Look below for the line containing "Section Hitting." and the line containing "rewrite /hits => hk kn."; repeat exactly those two lines and all lines between them, and nothing else.

# Task data
◆ ◆ ◆ ◆ ◆ ◆ ◆
Lemma sum_nat_has (R : pzSemiRingType) (I : eqType) (r : seq I) (f : pred I) :
  uniq r -> {in r &, forall a b, f a -> f b -> a = b} ->
  \sum_(i <- r) (f i)%:R = (has f r)%:R :> R.
Proof.
elim: r => [|a r IH] /=; first by rewrite big_nil.
move=> /andP[ar ur] f_inj; rewrite big_cons IH //; last first.
  by move=> u v ur' vr'; apply: f_inj; rewrite inE ?ur' ?vr' orbT.
case fa: (f a) => /=; last by rewrite add0r.
case/boolP: (has f r) => [/hasP[b br fb]|_]; last by rewrite addr0.
by move: ar; rewrite (f_inj a b) ?inE ?eqxx ?br ?orbT.
Qed.

Section Hitting.
Variable N : nat.

(* With [s] the residues of X_1, X_2, ..., [hits x n s] is the paper's event
   R_n = (n mod N) on the slice X_0^(N) = x. *)
Definition hits (x n : nat) (s : seq nat) : bool :=
  (N%:Z %| x%:Z + (sumn (take n s))%:Z - n%:Z)%Z.

Definition first_hit (x k : nat) (s : seq nat) : bool :=
  hits x k s && all (fun j => ~~ hits x j s) (iota 1 k.-1).

Definition hits_by (x : nat) (s : seq nat) : bool :=
  has (fun n => hits x n s) (iota 1 N).

Lemma hits_take x j k s : (j <= k)%N -> hits x j (take k s) = hits x j s.
Proof. by move=> jk; rewrite /hits take_takel. Qed.

Lemma first_hit_take x k s : first_hit x k (take k s) = first_hit x k s.
Proof.
rewrite /first_hit hits_take //; congr andb; apply: eq_in_all => j.
by rewrite mem_iota => /andP[_ jk]; rewrite hits_take //; lia.
Qed.

Lemma hits_restart x k n s : hits x k s -> (k <= n)%N ->
  hits x n s = hits 0 (n - k) (drop k s).
Proof.
rewrite /hits => hk kn.
have -> : take n s = take k s ++ take (n - k) (drop k s) by rewrite -takeD subnKC.
rewrite sumn_cat; set a := sumn (take k s); set b := sumn (take (n - k) _).
have -> : x%:Z + (a + b)%N%:Z - n%:Z =
    (x%:Z + a%:Z - k%:Z) + (0%N%:Z + b%:Z - (n - k)%N%:Z).
  by rewrite PoszD -(subzn kn); ring.
by rewrite (rpredDl _ (hk : _ \in dvdz N)).
Qed.

Lemma first_hit_hits x k s : first_hit x k s -> hits x k s.
Proof. by case/andP. Qed.

Lemma first_hit_inj x a b s : (1 <= a)%N -> (1 <= b)%N ->
  first_hit x a s -> first_hit x b s -> a = b.
Proof.
wlog ab : a b / (a <= b)%N.
  by move=> W a1 b1 Fa Fb; case: (leqP a b) => [|/ltnW] ab; [|apply/esym]; apply: W.
move=> a1 b1 /first_hit_hits ha /andP[_ /allP nhb].
case: (ltngtP a b) ab => // ab _.
by have /nhb/negP[] : a \in iota 1 b.-1 by rewrite mem_iota; lia.
Qed.

Lemma exists_first_hit x n s : (1 <= n)%N -> hits x n s ->
  exists2 k, (1 <= k <= n)%N & first_hit x k s.
Proof.
move=> n1 hn.
have exP : exists j, (1 <= j)%N && hits x j s by exists n; rewrite n1.
case: (ex_minnP exP) => k /andP[k1 hk] kmin.
exists k; first by rewrite k1 kmin ?n1.
rewrite /first_hit hk; apply/allP => j; rewrite mem_iota => /andP[j1 jk].
by apply/negP => hj; have := kmin j; rewrite j1 hj => /(_ isT); lia.
Qed.

Lemma hits_by_first_hit (R : pzSemiRingType) x s :
  (hits_by x s)%:R = \sum_(1 <= k < N.+1) (first_hit x k s)%:R :> R.
Proof.
rewrite sum_nat_has ?iota_uniq //; last first.
  by move=> a b; rewrite !mem_index_iota => /andP[a1 _] /andP[b1 _]; exact: first_hit_inj.
suff -> : hits_by x s = has (first_hit x ^~ s) (index_iota 1 N.+1) by [].
apply/hasP/hasP => [[n] | [k]].
  rewrite mem_iota => /andP[n1 nN] /(exists_first_hit n1) [k kn Fk].
  by exists k; rewrite ?mem_index_iota; lia.
rewrite mem_index_iota => kN /first_hit_hits hk.
by exists k; rewrite ?mem_iota; lia.
Qed.
(* In the optimal solution of the Sum Throughput Maximization Problem (STMP) defined in the context, for each user $i$ either the energy causality constraint $B_i+C_i\tau_0+C_i\sum_{j=1}^{N}a_{ji}\tau_j+C_i\tau_i-P_i\tau_i\ge 0$ or the constraint $P_i\le P_{max}$ is satisfied with equality; i.e., the user either transmits with maximum transmit power $P_{max}$ or consumes all the energy available to it until the completion of its transmission.
   Context: There are $N$ users, indexed $i=1,\dots,N$, transmitting to a hybrid access point by time division within a scheduling frame of normalized length $1$. Given constants: bandwidth $W>0$; for each user $i$, $k_i>0$, an energy harvesting rate $C_i\ge 0$, an initial battery level $B_i\ge 0$; and a maximum transmit power $P_{max}>0$. STMP is the problem maximize $\sum_{i=1}^{N} W\tau_i\log_2(1+k_iP_i)$ subject to, for all users $i$ (and all $j\neq i$ where relevant): $B_i+C_i\tau_0+C_i\sum_{j=1}^{N}a_{ji}\tau_j+C_i\tau_i-P_i\tau_i\ge 0$ (energy causality), $a_{ij}+a_{ji}=1$, $P_i\le P_{max}$, $\sum_{i=0}^{N}\tau_i\le 1$, over variables $P_i\ge 0$, $\tau_i\ge 0$ ($i=1,\dots,N$), $\tau_0\ge 0$, and $a_{ij}\in\{0,1\}$, where $P_i$ is the transmit power of user $i$, $\tau_i$ its transmission time, $a_{ij}=1$ iff user $i$ is scheduled before user $j$, and $\tau_0$ is an initial waiting time during which all users only harvest energy. *)

From HB Require Import structures.
From mathcomp Require Import all_boot all_order all_algebra.
From mathcomp Require Import reals exp.
Set Implicit Arguments. Unset Strict Implicit. Unset Printing Implicit Defensive.
Import Order.TTheory GRing.Theory Num.Theory.
Local Open Scope ring_scope.

Section STMP.
Variables (R : realType) (N : nat).

Definition log2 (x : R) : R := ln x / ln 2.

Definition stmp_obj (W : R) (k : 'I_N -> R) (P tau : 'I_N -> R) : R :=
  \sum_(i < N) W * tau i * log2 (1 + k i * P i).

(* Energy available to user i minus energy consumed, i.e. the LHS of the
   energy causality constraint
   B_i + C_i tau_0 + C_i sum_{j<>i} a_{ji} tau_j + C_i tau_i - P_i tau_i. *)
Definition energy_slack (B C : 'I_N -> R) (P tau : 'I_N -> R) (tau0 : R)
    (a : 'I_N -> 'I_N -> bool) (i : 'I_N) : R :=
  B i + C i * tau0 + C i * (\sum_(j < N | j != i) (a j i)%:R * tau j)
  + C i * tau i - P i * tau i.

Definition stmp_feasible (B C : 'I_N -> R) (Pmax : R)
    (P tau : 'I_N -> R) (tau0 : R) (a : 'I_N -> 'I_N -> bool) : Prop :=
  [/\ (forall i, 0 <= P i /\ P i <= Pmax),
      (forall i, 0 <= tau i) /\ 0 <= tau0,
      tau0 + \sum_(i < N) tau i <= 1,
      (forall i j, i != j -> (a i j)%:R + (a j i)%:R = 1 :> R)
    & (forall i, 0 <= energy_slack B C P tau tau0 a i)].

Definition stmp_optimal (W : R) (k B C : 'I_N -> R) (Pmax : R)
    (P tau : 'I_N -> R) (tau0 : R) (a : 'I_N -> 'I_N -> bool) : Prop :=
  stmp_feasible B C Pmax P tau tau0 a /\
  forall P' tau' tau0' a',
    stmp_feasible B C Pmax P' tau' tau0' a' ->
    stmp_obj W k P' tau' <= stmp_obj W k P tau.

End STMP.

From HB Require Import structures.
From mathcomp Require Import all_boot all_order all_algebra.
From mathcomp Require Import reals exp.
From mathcomp Require Import ring.
Set Implicit Arguments. Unset Strict Implicit. Unset Printing Implicit Defensive.
Import Order.TTheory GRing.Theory Num.Theory.
Local Open Scope ring_scope.

(* If user i transmits for a positive time, has spare energy and is below
   [Pmax], raising its power by a small enough [d > 0] keeps every constraint
   (only user i's own energy budget involves [P i], and it shrinks by
   [d * tau i]) while strictly increasing its rate, since [log2] is strictly
   increasing.  This contradicts optimality. *)

Section RaisePower.
Variables (R : realType) (N : nat).
Implicit Types (P tau k B C : 'I_N -> R) (a : 'I_N -> 'I_N -> bool).

Lemma log2_lt (x y : R) : 0 < x -> x < y -> log2 x < log2 y.
Proof.
move=> x0 xy; have ln2 : 0 < ln (2 : R) by apply: ln_gt0; rewrite ltr1n.
rewrite /log2 ltr_pM2r ?invr_gt0 // ltr_ln // posrE //.
exact: lt_trans xy.
Qed.

Definition raise_power P (i : 'I_N) (d : R) : 'I_N -> R :=
  fun j => if j == i then P i + d else P j.

Lemma raise_power_at P i d : raise_power P i d i = P i + d.
Proof. by rewrite /raise_power eqxx. Qed.

Lemma raise_power_neq P i d j : j != i -> raise_power P i d j = P j.
Proof. by rewrite /raise_power => /negbTE ->. Qed.

Lemma energy_slack_raise_power B C P tau (tau0 : R) a i d :
  energy_slack B C (raise_power P i d) tau tau0 a i =
  energy_slack B C P tau tau0 a i - d * tau i.
Proof. by rewrite /energy_slack raise_power_at; ring. Qed.

Lemma energy_slack_raise_power_neq B C P tau (tau0 : R) a i d j : j != i ->
  energy_slack B C (raise_power P i d) tau tau0 a j =
  energy_slack B C P tau tau0 a j.
Proof. by move=> ji; rewrite /energy_slack raise_power_neq. Qed.

Lemma stmp_feasible_raise_power B C Pmax P tau (tau0 : R) a i d :
  stmp_feasible B C Pmax P tau tau0 a ->
  0 <= d -> d <= Pmax - P i -> d * tau i <= energy_slack B C P tau tau0 a i ->
  stmp_feasible B C Pmax (raise_power P i d) tau tau0 a.
Proof.
move=> [HP ? ? ? Hen] d0 dP dE; split => // j.
- have [->|ji] := eqVneq j i; last by rewrite raise_power_neq //; exact: HP.
  rewrite raise_power_at -lerBrDl; split => //.
  by rewrite addr_ge0 // (proj1 (HP i)).
- have [->|ji] := eqVneq j i; last by rewrite energy_slack_raise_power_neq.
  by rewrite energy_slack_raise_power subr_ge0.
Qed.

Lemma stmp_obj_raise_power W k P tau i d :
  0 < W -> 0 < k i -> 0 <= P i -> 0 < tau i -> 0 < d ->
  stmp_obj W k P tau < stmp_obj W k (raise_power P i d) tau.
Proof.
move=> W0 k0 P0 t0 d0; rewrite /stmp_obj (bigD1 i) //= [X in _ < X](bigD1 i) //=.
under [X in _ < _ + X]eq_bigr => j ji do rewrite raise_power_neq //.
rewrite ltrD2r raise_power_at ltr_pM2l ?mulr_gt0 //.
apply: log2_lt; first by rewrite ltr_wpDr // mulr_ge0 // ltW.
by rewrite ltrD2l ltr_pM2l // ltrDl.
Qed.

End RaisePower.

Theorem lemma4 (R : realType) (N : nat) (W : R) (k B C : 'I_N -> R) (Pmax : R)
    (P tau : 'I_N -> R) (tau0 : R) (a : 'I_N -> 'I_N -> bool) :
  0 < W -> (forall i, 0 < k i) -> (forall i, 0 <= C i) ->
  (forall i, 0 <= B i) -> 0 < Pmax ->
  stmp_optimal W k B C Pmax P tau tau0 a ->
  forall i : 'I_N, 0 < tau i ->
    energy_slack B C P tau tau0 a i = 0 \/ P i = Pmax.
Proof.
move=> W0 k0 _ _ _ [feas opt] i ti0.
have [|s_neq0] := eqVneq (energy_slack B C P tau tau0 a i) 0; first by left.
have [|P_neq] := eqVneq (P i) Pmax; first by right.
have [HP _ _ _ Hen] := feas.
set s := energy_slack B C P tau tau0 a i in s_neq0.
have s_gt0 : 0 < s by rewrite lt_def s_neq0 Hen.
have P_lt : P i < Pmax by rewrite lt_def eq_sym P_neq (proj2 (HP i)).
pose d := Num.min (Pmax - P i) (s / tau i).
have d_gt0 : 0 < d by rewrite lt_min subr_gt0 P_lt divr_gt0.
have feas' : stmp_feasible B C Pmax (raise_power P i d) tau tau0 a.
  apply: stmp_feasible_raise_power => //; first exact: ltW.
    by rewrite ge_min lexx.
  by rewrite -ler_pdivlMr // ge_min lexx orbT.
have := opt _ _ _ _ feas'; rewrite leNgt => /negP[].
exact: stmp_obj_raise_power W0 (k0 i) (proj1 (HP i)) ti0 d_gt0.
Qed.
◆ ◆ ◆ ◆ ◆ ◆ ◆
# Answer for the task
Section Hitting.
Variable N : nat.

(* With [s] the residues of X_1, X_2, ..., [hits x n s] is the paper's event
   R_n = (n mod N) on the slice X_0^(N) = x. *)
Definition hits (x n : nat) (s : seq nat) : bool :=
  (N%:Z %| x%:Z + (sumn (take n s))%:Z - n%:Z)%Z.

Definition first_hit (x k : nat) (s : seq nat) : bool :=
  hits x k s && all (fun j => ~~ hits x j s) (iota 1 k.-1).

Definition hits_by (x : nat) (s : seq nat) : bool :=
  has (fun n => hits x n s) (iota 1 N).

Lemma hits_take x j k s : (j <= k)%N -> hits x j (take k s) = hits x j s.
Proof. by move=> jk; rewrite /hits take_takel. Qed.

Lemma first_hit_take x k s : first_hit x k (take k s) = first_hit x k s.
Proof.
rewrite /first_hit hits_take //; congr andb; apply: eq_in_all => j.
by rewrite mem_iota => /andP[_ jk]; rewrite hits_take //; lia.
Qed.

Lemma hits_restart x k n s : hits x k s -> (k <= n)%N ->
  hits x n s = hits 0 (n - k) (drop k s).
Proof.
rewrite /hits => hk kn.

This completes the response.